Sometimes I cry and it feels like there will never be an end. Sometimes I cannot allow myself to cry and it really would help in those moments. Sometimes it's different parts of me that keep me from crying. Sometimes crying really does help and sometimes it doesn't. I think that you definitely don't want to put too much pressure on yourself to cry. Accept that it is hard for you to do. And also reassure yourself that it is okay to cry. Perhaps it wasn't safe to cry as a kid so you could reassure yourself that you are an adult and it's safe to cry now. Maybe you've already tried that. But I do think you shouldn't put too much pressure on yourself to cry. I don't think the pressure would help make it any easier.
 
Do you think your therapist is making an individualized statement about your needing to cry, or a generalized one?
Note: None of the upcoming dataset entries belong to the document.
Lemma payoff_succ x u d :
  payoff gamma f r c x u d =
  backup r c gamma x (payoff gamma f r c (f x (u 0%N) (d 0%N)) (u \o succn) (d \o succn)).
Proof.
have nat0 : [set: nat] !=set0 by exists 0%N.
have le_M xi t : [set: nat] t -> stage_payoff xi t <= M.
  by move=> _; exact/ler_normlW/ler_norm_stage_payoff.
rewrite !payoffE -traj_succ; set xi := traj f x u d.
have step t : Num.max (stage_payoff xi 0) (stage_payoff xi t.+1) =
              backup r c gamma x (stage_payoff (xi \o succn) t).
  by rewrite stage_payoff_succ /stage_payoff /= expr0 mul1r [Num.min (r _) _]minC -min_maxr.
rewrite -(sup_image_comp nat0 (le_M _) (backup_homo r c gamma_ge0 x)
  (backup_nonexpansive r c gamma_ge0 gamma_le1 x)).
have max_homo : {homo Num.max (stage_payoff xi 0) : y z / y <= z}.
  by move=> y z yz; rewrite le_max2.
rewrite -(eq_imagel (fun t _ => step t)).
rewrite (sup_image_comp nat0 (fun t => le_M xi t.+1) max_homo (ler_dist_max2l _)).
by rewrite (sup_nat_recl (fun t => le_M xi t I)).
Qed.

End Payoff.

Section Value.
Variables (R : realType) (n m l : nat).
Local Notation X := 'rV[R]_n.
Local Notation Uv := 'rV[R]_m.
Local Notation Dv := 'rV[R]_l.
Local Notation strategy := ((nat -> Uv) -> nat -> Dv).
Variables (Ucal : set Uv) (Dcal : set Dv) (f : X -> Uv -> Dv -> X) (r c : X -> R).
Variable gamma : R.
Hypotheses (Ucal0 : Ucal !=set0) (Dcal0 : Dcal !=set0) (gamma_ge0 : 0 <= gamma).

Local Notation backup := (backup r c gamma).
Local Notation payoff := (payoff gamma f r c).
Local Notation V := (value gamma Ucal Dcal f r c).

Definition strategy_value x (phi : strategy) :=
  sup [set payoff x u (phi u) | u in seq_in Ucal].

Definition minimax (W : X -> R) x :=
  sup [set inf [set W (f x u d) | d in Dcal] | u in Ucal].

Lemma valueE x : V x = inf [set strategy_value x phi | phi in nonanticipative Ucal Dcal].
Proof. by []. Qed.

Lemma bellmanE W x : bellman gamma Ucal Dcal f r c W x = backup x (minimax W x).
Proof. by []. Qed.

Lemma seq_in0 : seq_in Ucal !=set0.
Proof. by have [u0 Uu0] := Ucal0; exists (fun=> u0). Qed.

Lemma nonanticipative0 : nonanticipative Ucal Dcal !=set0.
Proof.
by have [d0 Dd0] := Dcal0; exists (fun _ _ => d0); split=> [u _ t|u u' T _ _ _ t _].
Qed.

Definition strategy_tail (phi : strategy) (u0 : Uv) : strategy :=
  fun s => phi (scons u0 s) \o succn.

Lemma nonanticipative_tail phi u0 :
  nonanticipative Ucal Dcal phi -> Ucal u0 ->
  nonanticipative Ucal Dcal (strategy_tail phi u0).
Proof.
move=> [phiD phi_na] Uu0; split=> [s Us t | s s' T Us Us' ss' t tT].
  exact: phiD (seq_in_scons Uu0 Us) t.+1.
by apply: (phi_na _ _ T.+1); rewrite ?seq_in_scons // => -[|j] //= /ss'.
Qed.

Definition strategy_cat x (delta : Uv -> Dv) (Psi : X -> strategy) : strategy :=
  fun s => scons (delta (s 0%N)) (Psi (f x (s 0%N) (delta (s 0%N))) (s \o succn)).

Lemma nonanticipative_cat x delta Psi :
  (forall u0, Ucal u0 -> Dcal (delta u0)) ->
  (forall y, nonanticipative Ucal Dcal (Psi y)) ->
  nonanticipative Ucal Dcal (strategy_cat x delta Psi).
Proof.
move=> deltaD Psi_na; split=> [s Us [|t] | s s' T Us Us' ss' [|t] tT] /=.
- exact/deltaD/Us.
- exact: (Psi_na _).1 (fun j => Us j.+1) t.
- by rewrite ss'.
rewrite ss' //; case: T ss' tT => // T ss' tT.
apply: ((Psi_na _).2 _ _ T) tT => [j | j | j jT] /=; [exact: Us | exact: Us' | exact: ss'].
Qed.

Section Bounded.
Variable M : R.
Hypothesis gamma_le1 : gamma <= 1.
Hypotheses (r_le : forall x, `|r x| <= M) (c_le : forall x, `|c x| <= M).

Let payoff_le x u d : payoff x u d <= M.
Proof. exact/ler_normlW/(ler_norm_payoff f gamma_ge0 gamma_le1 r_le c_le). Qed.

Lemma ler_norm_strategy_value x phi : `|strategy_value x phi| <= M.
Proof.
apply: ler_norm_sup_image seq_in0 _ => u _.
exact: (ler_norm_payoff f gamma_ge0 gamma_le1 r_le c_le).
Qed.

Lemma ler_norm_value x : `|V x| <= M.
Proof.
exact: ler_norm_inf_image nonanticipative0 (fun phi _ => ler_norm_strategy_value x phi).
Qed.

Lemma bounded_value : bounded_fun V.
Proof. by apply/bounded_funP; exists M; exact: ler_norm_value. Qed.

Let inf_value_le x u0 : inf [set V (f x u0 d) | d in Dcal] <= M.
Proof. by apply/ler_normlW/(ler_norm_inf_image Dcal0) => d _; exact: ler_norm_value. Qed.

Lemma backup_strategy_tail_le x phi u0 :
  nonanticipative Ucal Dcal phi -> Ucal u0 ->
  backup x (strategy_value (f x u0 (phi (scons u0 (fun=> u0)) 0%N)) (strategy_tail phi u0))
  <= strategy_value x phi.
Proof.
move=> phi_na Uu0; set y := f x u0 _.
have head s : seq_in Ucal s -> phi (scons u0 s) 0%N = phi (scons u0 (fun=> u0)) 0%N.
  move=> Us; have Us0 := seq_in_scons Uu0 (fun=> Uu0).
  by apply: (phi_na.2 _ _ 0%N (seq_in_scons Uu0 Us) Us0 _ 0%N) => // -[].
rewrite -(sup_image_comp seq_in0 (fun s _ => payoff_le y s _) (backup_homo r c gamma_ge0 x)
  (backup_nonexpansive r c gamma_ge0 gamma_le1 x)).
apply: sup_image_le seq_in0 _ => s Us.
have -> : backup x (payoff y s (strategy_tail phi u0 s)) =
          payoff x (scons u0 s) (phi (scons u0 s)).
  by rewrite [RHS](payoff_succ f gamma_ge0 gamma_le1 r_le c_le) /= head.
exact: image_le_sup (fun s _ => payoff_le x s (phi s)) (seq_in_scons Uu0 Us).
Qed.

Lemma backup_minimax_le_value x : backup x (minimax V x) <= V x.
Proof.
rewrite valueE; apply: inf_image_ge nonanticipative0 _ => phi phi_na.
rewrite /minimax -(sup_image_comp Ucal0 (fun u0 _ => inf_value_le x u0)
  (backup_homo r c gamma_ge0 x) (backup_nonexpansive r c gamma_ge0 gamma_le1 x)).
apply: sup_image_le Ucal0 _ => u0 Uu0.
apply: le_trans _ (backup_strategy_tail_le x phi_na Uu0); apply: backup_homo => //.
set d0 := phi _ 0%N; have Dd0 : Dcal d0 by apply: phi_na.1; apply: seq_in_scons.
apply: le_trans (inf_le_image (fun d _ => lerNnormlW (ler_norm_value _)) Dd0) _.
rewrite valueE; apply: inf_le_image (nonanticipative_tail phi_na Uu0).
by move=> psi _; exact/lerNnormlW/ler_norm_strategy_value.
Qed.

Lemma value_le_backup_minimax x e : 0 < e -> V x <= backup x (minimax V x) + e.
Proof.
move=> e0; have e20 : 0 < e / 2 by rewrite divr_gt0.
have [delta deltaP] := inf_adherent_choice (fun u0 d => V (f x u0 d)) Dcal0 e20.
have [Psi PsiP] := inf_adherent_choice strategy_value nonanticipative0 e20.
have phi_na := nonanticipative_cat x (fun u0 _ => (deltaP u0).1) (fun y => (PsiP y).1).
rewrite valueE; apply: le_trans (inf_le_image _ phi_na) _.
  by move=> psi _; exact/lerNnormlW/ler_norm_strategy_value.
apply: sup_image_le seq_in0 _ => s Us.
rewrite (payoff_succ f gamma_ge0 gamma_le1 r_le c_le) /=.
set y := f x (s 0%N) (delta (s 0%N)).
have payoff_le_value :
    payoff y (s \o succn) (Psi y (s \o succn)) <= strategy_value y (Psi y).
  have Us' : seq_in Ucal (s \o succn) by move=> j; exact: Us.
  exact: image_le_sup (fun s _ => payoff_le y s (Psi y s)) Us'.
have inf_le_minimax : inf [set V (f x (s 0%N) d) | d in Dcal] <= minimax V x.
  exact: image_le_sup (fun u0 _ => inf_value_le x u0) (Us 0%N).
have := (PsiP y).2; have := (deltaP (s 0%N)).2; rewrite -/y -valueE => lt_delta lt_Psi.
apply: le_trans (backup_homo r c gamma_ge0 x (_ : _ <= minimax V x + e)) _; first by lra.
exact: backup_leD (ltW e0).
Qed.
Not everyone cries. Yet they may still be very connected to their emotions.

Do you have trouble connecting with & expressing (2 very different things, by the way) other emotions aside from sadness/grief? Can you smile, laugh, frown, glare, look afraid, look lovingly, etc.? If not, I might suggest practicing connecting with and expressing other emotions, first.

I can see how if crying is the only emotion you cannot connect with or express that it would be #1 on the lineup... But it baffles me why some therapists choose tears as the first emotion to track down and link up as fully operational.
 
I am with @JEKBreatheandBelieve . Crying is NOT the thing to do for me. There are too many memories wrapped up in crying for me and I literally cannot stop unless heavily drugged.
But it baffles me why some therapists choose tears as the first emotion to track down and link up as fully operational.
Agreed. I feel that there may be so much lurking under tears that it seems wrong to dig into this aggressively.
 
Thanks guys!! It's not like he's telling me to cry. He's aware that I want to cry, I'm aware that I want to cry. Recently in sessions I've had many times when I nearly cried and then just semi-deliberately disacociated or tried to snap out of it. He says I have to 'allow myself to cry' if I am to cry, but I'm not sure how to do that because I am so afraid of crying.